From the data underneath, reproduce exactly the stretch that begins at the line with "- rewrite Nat.add_0_r; ring." and ends after the line with "induction n as [|n IH]; [reflexivity|].".

[Provided data — start]

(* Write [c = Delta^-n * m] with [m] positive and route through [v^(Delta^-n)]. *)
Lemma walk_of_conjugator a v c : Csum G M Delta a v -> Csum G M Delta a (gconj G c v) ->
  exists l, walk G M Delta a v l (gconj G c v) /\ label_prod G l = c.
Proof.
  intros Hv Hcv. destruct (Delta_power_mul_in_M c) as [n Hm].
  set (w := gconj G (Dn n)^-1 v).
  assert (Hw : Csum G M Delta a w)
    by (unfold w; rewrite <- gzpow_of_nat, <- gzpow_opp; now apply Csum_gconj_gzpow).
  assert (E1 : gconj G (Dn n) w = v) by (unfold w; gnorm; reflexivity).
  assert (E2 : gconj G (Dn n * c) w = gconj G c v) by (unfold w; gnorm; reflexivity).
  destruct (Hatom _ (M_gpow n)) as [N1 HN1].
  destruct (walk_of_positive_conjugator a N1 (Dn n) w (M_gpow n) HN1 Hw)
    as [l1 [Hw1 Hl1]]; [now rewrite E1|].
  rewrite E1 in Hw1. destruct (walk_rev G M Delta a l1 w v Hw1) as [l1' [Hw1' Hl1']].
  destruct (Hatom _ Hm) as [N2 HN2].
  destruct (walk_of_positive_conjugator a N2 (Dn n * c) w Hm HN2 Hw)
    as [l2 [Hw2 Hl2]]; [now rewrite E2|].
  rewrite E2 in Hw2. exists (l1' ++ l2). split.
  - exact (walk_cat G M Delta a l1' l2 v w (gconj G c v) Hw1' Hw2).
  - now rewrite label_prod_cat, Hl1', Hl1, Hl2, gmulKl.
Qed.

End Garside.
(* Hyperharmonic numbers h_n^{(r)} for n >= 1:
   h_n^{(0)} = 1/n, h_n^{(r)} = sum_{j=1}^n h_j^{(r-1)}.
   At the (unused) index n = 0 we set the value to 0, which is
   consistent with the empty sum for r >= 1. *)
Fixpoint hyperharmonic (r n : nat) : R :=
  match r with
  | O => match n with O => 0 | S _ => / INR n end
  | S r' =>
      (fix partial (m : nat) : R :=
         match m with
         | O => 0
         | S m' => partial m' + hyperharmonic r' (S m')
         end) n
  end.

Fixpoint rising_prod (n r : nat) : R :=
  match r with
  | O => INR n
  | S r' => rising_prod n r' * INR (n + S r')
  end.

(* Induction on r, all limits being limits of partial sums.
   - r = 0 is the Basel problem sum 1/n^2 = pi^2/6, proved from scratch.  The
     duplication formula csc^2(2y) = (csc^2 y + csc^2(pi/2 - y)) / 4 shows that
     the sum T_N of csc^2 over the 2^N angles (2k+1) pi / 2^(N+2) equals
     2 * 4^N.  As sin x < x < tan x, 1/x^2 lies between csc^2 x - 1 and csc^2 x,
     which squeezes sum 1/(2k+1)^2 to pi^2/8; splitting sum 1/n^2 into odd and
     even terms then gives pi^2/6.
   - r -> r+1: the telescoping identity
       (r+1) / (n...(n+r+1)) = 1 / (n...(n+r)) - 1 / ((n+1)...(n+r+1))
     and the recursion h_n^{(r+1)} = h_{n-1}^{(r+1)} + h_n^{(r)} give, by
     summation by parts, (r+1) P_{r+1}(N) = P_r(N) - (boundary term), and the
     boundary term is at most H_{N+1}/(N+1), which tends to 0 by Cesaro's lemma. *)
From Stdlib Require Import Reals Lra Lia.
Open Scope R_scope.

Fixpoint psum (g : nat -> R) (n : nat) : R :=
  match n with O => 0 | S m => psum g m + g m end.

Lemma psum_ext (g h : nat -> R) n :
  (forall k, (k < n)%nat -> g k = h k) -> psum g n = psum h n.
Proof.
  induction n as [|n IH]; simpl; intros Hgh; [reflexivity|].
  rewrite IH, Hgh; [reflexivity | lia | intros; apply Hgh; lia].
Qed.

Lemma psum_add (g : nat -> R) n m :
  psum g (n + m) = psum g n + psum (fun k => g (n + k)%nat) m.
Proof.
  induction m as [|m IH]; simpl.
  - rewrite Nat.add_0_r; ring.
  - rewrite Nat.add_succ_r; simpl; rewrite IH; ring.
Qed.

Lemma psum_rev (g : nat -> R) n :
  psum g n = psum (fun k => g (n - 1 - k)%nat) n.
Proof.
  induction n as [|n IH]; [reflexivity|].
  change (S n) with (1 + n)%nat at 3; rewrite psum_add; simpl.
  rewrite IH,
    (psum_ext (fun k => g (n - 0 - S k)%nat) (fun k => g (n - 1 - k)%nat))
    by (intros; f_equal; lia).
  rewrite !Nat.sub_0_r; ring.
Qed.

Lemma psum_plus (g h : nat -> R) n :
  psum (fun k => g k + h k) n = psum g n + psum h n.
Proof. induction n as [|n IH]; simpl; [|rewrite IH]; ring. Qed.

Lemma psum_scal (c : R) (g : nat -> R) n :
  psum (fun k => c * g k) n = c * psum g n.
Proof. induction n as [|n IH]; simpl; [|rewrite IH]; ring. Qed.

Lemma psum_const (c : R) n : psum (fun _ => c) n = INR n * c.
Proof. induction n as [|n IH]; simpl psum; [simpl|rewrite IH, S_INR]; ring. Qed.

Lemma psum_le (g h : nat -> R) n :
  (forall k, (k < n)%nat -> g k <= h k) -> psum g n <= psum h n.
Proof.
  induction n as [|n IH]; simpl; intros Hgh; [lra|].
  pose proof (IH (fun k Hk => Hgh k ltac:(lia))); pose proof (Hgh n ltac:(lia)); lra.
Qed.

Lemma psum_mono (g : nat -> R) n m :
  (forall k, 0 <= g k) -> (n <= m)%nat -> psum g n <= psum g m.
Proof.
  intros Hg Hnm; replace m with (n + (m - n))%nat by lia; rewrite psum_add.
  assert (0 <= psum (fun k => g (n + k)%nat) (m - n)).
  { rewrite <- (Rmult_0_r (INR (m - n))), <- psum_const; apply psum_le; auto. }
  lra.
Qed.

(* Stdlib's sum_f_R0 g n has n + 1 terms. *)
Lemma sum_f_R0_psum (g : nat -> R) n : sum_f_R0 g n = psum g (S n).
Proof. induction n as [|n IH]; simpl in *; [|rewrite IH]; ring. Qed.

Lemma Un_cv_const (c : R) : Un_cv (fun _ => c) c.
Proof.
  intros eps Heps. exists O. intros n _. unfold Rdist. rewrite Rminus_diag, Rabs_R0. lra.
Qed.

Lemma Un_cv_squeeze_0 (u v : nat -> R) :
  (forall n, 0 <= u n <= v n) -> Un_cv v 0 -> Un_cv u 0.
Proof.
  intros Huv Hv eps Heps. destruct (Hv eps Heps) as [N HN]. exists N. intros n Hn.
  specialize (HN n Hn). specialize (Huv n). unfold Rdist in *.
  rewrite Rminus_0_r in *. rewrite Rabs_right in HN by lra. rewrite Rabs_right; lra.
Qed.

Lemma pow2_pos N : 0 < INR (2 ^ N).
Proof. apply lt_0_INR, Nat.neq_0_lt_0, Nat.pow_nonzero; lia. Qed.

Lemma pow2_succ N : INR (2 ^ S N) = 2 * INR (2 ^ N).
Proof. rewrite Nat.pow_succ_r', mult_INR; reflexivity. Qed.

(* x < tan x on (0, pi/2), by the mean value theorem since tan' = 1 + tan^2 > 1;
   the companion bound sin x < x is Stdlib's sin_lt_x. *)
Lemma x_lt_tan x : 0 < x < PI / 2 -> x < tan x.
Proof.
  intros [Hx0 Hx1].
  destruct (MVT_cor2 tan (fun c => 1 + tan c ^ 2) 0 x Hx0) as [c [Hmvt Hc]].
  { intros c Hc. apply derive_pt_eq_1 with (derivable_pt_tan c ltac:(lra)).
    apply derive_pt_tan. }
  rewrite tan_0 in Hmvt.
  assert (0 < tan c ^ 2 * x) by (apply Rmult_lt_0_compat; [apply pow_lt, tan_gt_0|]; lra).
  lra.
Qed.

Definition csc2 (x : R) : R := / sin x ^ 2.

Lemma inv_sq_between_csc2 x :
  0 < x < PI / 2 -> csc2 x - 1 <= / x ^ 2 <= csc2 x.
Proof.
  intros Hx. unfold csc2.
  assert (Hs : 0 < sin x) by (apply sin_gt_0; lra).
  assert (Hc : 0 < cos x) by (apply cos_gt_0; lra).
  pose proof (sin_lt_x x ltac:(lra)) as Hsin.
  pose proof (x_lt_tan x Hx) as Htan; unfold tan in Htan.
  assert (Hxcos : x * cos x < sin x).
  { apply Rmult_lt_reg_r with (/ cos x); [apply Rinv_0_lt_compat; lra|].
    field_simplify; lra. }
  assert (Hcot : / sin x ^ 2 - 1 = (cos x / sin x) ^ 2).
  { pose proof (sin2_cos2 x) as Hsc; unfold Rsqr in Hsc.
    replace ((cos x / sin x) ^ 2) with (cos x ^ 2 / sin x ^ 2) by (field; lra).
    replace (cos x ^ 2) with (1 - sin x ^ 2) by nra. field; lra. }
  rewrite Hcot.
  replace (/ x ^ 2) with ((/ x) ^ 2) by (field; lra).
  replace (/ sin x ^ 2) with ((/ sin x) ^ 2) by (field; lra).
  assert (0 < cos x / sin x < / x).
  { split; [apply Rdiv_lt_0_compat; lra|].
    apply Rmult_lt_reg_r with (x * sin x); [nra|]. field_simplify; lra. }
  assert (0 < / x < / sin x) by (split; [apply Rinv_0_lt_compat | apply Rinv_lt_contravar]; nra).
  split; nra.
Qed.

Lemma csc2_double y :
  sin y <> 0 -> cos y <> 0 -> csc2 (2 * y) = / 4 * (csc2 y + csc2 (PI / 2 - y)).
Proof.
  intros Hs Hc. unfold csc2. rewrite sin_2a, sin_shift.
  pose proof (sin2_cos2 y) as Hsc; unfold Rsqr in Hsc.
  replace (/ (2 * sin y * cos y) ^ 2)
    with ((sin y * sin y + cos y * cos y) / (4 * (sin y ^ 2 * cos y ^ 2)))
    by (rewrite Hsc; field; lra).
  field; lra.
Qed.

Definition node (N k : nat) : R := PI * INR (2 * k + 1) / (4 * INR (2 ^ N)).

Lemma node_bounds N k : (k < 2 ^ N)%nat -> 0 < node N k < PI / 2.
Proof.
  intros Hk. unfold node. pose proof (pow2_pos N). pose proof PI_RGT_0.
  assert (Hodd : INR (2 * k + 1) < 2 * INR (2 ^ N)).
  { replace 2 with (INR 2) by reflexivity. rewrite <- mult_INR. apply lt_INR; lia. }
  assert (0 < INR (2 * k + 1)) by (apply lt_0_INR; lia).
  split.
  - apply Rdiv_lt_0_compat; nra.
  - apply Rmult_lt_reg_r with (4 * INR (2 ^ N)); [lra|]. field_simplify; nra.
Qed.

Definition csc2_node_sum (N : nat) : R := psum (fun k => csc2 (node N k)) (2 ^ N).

[Provided data — finish]

Reply to the task:
  - rewrite Nat.add_0_r; ring.
  - rewrite Nat.add_succ_r; simpl; rewrite IH; ring.
Qed.

Lemma psum_rev (g : nat -> R) n :
  psum g n = psum (fun k => g (n - 1 - k)%nat) n.
Proof.
  induction n as [|n IH]; [reflexivity|].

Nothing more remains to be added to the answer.